▶ [Requirement]: Exactly as written, copy the lines that run from the start of the data below to the line containing "Definition principal_submx (R", both ends included.

▶ [Extracted data entries]:
*** Begin section ***
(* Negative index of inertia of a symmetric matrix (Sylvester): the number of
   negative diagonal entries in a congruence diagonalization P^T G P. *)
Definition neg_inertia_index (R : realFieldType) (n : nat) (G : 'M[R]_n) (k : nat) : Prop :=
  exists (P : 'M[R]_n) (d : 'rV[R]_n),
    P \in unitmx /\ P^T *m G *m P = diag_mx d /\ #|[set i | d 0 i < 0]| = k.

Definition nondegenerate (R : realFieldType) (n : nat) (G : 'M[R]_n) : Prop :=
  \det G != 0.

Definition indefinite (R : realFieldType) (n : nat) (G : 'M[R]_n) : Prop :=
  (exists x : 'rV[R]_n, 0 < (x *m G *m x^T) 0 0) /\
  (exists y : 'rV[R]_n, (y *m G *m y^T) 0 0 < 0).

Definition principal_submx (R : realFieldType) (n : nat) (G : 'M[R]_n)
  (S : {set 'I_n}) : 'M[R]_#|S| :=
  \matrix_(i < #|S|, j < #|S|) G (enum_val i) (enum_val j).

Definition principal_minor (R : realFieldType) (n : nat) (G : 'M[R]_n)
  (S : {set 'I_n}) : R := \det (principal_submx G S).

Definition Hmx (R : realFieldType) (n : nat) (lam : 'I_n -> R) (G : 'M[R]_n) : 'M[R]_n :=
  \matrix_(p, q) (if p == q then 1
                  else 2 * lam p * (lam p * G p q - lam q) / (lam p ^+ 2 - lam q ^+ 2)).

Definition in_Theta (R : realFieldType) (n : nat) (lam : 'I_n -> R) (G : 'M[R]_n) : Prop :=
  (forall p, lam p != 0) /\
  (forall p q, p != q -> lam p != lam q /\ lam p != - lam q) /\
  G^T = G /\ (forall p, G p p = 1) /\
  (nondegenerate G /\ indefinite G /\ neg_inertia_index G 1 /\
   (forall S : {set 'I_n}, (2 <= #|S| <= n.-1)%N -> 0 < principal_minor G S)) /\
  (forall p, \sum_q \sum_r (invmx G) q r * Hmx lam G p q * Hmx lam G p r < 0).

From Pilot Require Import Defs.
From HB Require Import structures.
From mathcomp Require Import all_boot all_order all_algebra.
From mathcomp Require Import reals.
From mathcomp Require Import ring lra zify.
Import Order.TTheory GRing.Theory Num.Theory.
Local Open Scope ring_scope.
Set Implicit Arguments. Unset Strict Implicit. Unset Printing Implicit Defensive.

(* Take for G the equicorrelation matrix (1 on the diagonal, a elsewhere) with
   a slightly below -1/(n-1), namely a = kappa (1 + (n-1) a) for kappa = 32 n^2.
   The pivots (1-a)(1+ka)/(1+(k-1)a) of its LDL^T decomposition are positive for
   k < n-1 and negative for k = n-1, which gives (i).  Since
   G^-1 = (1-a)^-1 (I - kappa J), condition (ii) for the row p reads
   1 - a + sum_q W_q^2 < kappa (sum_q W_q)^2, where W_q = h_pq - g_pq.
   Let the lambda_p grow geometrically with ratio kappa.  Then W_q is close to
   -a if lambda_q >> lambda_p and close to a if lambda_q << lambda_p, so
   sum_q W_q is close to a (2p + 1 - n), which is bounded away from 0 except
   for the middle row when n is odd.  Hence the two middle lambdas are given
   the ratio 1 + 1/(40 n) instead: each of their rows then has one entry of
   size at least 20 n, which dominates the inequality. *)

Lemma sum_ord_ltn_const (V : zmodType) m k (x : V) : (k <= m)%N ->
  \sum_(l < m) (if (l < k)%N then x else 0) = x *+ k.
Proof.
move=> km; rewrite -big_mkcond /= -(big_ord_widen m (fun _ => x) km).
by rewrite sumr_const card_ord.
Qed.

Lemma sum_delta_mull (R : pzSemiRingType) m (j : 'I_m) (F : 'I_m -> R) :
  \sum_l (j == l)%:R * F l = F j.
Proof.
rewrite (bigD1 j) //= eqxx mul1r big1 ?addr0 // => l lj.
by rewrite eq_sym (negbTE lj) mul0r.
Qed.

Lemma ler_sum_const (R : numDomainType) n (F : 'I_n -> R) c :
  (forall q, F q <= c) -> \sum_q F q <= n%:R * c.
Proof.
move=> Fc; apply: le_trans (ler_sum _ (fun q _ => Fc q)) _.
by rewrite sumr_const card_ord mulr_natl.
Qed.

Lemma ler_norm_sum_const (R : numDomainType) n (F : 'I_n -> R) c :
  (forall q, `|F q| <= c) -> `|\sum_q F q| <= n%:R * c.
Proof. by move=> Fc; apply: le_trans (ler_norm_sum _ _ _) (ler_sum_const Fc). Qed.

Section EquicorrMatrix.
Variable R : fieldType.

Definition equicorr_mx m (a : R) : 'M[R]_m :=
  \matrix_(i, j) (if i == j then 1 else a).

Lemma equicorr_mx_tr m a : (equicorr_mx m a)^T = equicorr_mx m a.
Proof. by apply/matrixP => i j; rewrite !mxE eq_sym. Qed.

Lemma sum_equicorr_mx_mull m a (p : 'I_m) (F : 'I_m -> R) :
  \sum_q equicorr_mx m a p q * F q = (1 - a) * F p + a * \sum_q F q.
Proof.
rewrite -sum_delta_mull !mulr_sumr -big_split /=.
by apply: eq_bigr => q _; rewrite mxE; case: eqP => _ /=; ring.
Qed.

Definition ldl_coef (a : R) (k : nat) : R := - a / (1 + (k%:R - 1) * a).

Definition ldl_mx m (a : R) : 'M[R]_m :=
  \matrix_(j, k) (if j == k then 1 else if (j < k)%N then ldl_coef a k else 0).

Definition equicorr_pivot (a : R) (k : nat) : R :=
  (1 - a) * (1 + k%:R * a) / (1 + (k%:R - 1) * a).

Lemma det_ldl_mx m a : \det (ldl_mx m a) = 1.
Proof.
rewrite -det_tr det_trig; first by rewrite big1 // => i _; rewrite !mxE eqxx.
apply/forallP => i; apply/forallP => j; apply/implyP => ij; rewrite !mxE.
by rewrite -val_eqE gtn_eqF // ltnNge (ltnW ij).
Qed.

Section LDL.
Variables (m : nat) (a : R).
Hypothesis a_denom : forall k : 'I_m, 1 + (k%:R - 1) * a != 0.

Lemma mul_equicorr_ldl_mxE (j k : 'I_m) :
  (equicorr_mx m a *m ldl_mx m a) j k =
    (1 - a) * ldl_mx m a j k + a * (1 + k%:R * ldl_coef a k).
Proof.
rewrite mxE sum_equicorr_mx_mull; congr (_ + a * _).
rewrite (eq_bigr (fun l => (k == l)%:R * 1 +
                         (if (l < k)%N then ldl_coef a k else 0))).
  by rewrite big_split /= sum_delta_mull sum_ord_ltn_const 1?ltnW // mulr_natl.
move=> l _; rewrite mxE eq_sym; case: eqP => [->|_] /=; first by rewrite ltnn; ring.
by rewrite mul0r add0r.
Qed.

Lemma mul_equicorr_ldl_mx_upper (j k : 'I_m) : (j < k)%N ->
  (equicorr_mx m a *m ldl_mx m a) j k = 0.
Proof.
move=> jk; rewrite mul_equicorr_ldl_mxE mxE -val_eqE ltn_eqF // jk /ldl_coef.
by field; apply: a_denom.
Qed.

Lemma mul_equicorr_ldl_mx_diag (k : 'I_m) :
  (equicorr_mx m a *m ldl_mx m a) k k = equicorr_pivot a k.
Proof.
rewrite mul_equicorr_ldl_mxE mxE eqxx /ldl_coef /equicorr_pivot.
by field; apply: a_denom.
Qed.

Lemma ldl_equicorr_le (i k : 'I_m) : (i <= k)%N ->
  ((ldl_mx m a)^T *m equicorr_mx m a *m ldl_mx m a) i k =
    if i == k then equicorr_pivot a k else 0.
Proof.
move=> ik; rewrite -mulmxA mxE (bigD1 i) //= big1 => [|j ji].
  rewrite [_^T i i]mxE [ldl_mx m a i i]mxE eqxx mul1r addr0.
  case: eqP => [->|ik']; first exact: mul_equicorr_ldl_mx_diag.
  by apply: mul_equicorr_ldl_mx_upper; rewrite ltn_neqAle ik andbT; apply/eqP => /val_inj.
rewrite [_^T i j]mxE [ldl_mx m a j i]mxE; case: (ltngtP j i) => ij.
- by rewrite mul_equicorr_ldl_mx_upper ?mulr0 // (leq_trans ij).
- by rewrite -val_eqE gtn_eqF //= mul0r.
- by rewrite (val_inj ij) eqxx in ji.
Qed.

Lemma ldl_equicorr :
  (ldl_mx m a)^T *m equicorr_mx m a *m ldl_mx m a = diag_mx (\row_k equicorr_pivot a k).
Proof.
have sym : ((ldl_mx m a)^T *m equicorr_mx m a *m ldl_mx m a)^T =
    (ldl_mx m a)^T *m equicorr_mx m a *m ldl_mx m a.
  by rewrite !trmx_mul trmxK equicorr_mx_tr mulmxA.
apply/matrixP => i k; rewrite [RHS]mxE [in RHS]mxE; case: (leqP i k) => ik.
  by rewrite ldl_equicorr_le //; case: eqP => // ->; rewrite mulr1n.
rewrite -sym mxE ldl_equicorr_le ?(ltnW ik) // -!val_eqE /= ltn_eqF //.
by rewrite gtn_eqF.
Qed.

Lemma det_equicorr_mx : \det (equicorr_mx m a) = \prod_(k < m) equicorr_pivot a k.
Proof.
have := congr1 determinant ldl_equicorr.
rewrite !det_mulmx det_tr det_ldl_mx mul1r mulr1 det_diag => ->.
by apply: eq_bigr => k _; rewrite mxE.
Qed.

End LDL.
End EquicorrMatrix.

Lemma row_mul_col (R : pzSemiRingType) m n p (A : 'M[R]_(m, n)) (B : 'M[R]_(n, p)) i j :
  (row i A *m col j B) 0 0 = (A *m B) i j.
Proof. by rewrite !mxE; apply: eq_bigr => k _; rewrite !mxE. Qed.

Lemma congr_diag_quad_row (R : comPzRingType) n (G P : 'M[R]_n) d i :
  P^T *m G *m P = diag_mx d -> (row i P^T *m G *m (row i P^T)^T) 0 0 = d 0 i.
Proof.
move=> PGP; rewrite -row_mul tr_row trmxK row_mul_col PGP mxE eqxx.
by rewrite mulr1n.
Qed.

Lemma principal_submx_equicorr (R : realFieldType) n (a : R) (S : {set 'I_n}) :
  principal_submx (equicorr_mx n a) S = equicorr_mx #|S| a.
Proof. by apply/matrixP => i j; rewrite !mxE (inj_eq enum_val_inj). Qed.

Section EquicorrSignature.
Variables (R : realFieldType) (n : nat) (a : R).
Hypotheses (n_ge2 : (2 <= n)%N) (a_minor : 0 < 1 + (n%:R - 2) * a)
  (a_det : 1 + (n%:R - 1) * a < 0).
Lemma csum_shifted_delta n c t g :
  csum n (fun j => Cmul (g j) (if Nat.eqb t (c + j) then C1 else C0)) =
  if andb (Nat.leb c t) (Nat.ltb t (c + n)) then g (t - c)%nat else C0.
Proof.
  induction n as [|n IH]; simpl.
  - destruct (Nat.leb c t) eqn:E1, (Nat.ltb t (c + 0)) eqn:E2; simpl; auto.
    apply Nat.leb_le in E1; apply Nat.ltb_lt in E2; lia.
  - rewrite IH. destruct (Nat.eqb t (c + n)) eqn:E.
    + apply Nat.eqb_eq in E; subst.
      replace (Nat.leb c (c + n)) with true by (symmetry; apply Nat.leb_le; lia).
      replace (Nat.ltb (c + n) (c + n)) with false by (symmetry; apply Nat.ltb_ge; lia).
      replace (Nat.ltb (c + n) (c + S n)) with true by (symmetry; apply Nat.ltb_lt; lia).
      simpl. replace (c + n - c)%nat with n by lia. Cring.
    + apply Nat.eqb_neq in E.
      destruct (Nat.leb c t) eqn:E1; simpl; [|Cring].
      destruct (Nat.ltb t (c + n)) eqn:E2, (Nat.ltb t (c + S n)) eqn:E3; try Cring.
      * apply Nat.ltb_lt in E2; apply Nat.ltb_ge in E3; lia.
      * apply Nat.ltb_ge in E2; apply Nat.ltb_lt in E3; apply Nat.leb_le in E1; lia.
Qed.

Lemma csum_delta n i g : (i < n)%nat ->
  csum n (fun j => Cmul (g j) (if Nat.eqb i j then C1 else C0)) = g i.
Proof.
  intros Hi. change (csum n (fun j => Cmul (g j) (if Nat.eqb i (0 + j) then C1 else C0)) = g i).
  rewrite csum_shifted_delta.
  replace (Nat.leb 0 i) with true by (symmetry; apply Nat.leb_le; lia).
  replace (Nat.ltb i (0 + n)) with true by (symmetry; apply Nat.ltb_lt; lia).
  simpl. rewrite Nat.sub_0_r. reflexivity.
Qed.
*** End section ***
▶ [Response below]:
(* Negative index of inertia of a symmetric matrix (Sylvester): the number of
   negative diagonal entries in a congruence diagonalization P^T G P. *)
Definition neg_inertia_index (R : realFieldType) (n : nat) (G : 'M[R]_n) (k : nat) : Prop :=
  exists (P : 'M[R]_n) (d : 'rV[R]_n),
    P \in unitmx /\ P^T *m G *m P = diag_mx d /\ #|[set i | d 0 i < 0]| = k.

Definition nondegenerate (R : realFieldType) (n : nat) (G : 'M[R]_n) : Prop :=
  \det G != 0.

Definition indefinite (R : realFieldType) (n : nat) (G : 'M[R]_n) : Prop :=
  (exists x : 'rV[R]_n, 0 < (x *m G *m x^T) 0 0) /\
  (exists y : 'rV[R]_n, (y *m G *m y^T) 0 0 < 0).

Definition principal_submx (R : realFieldType) (n : nat) (G : 'M[R]_n)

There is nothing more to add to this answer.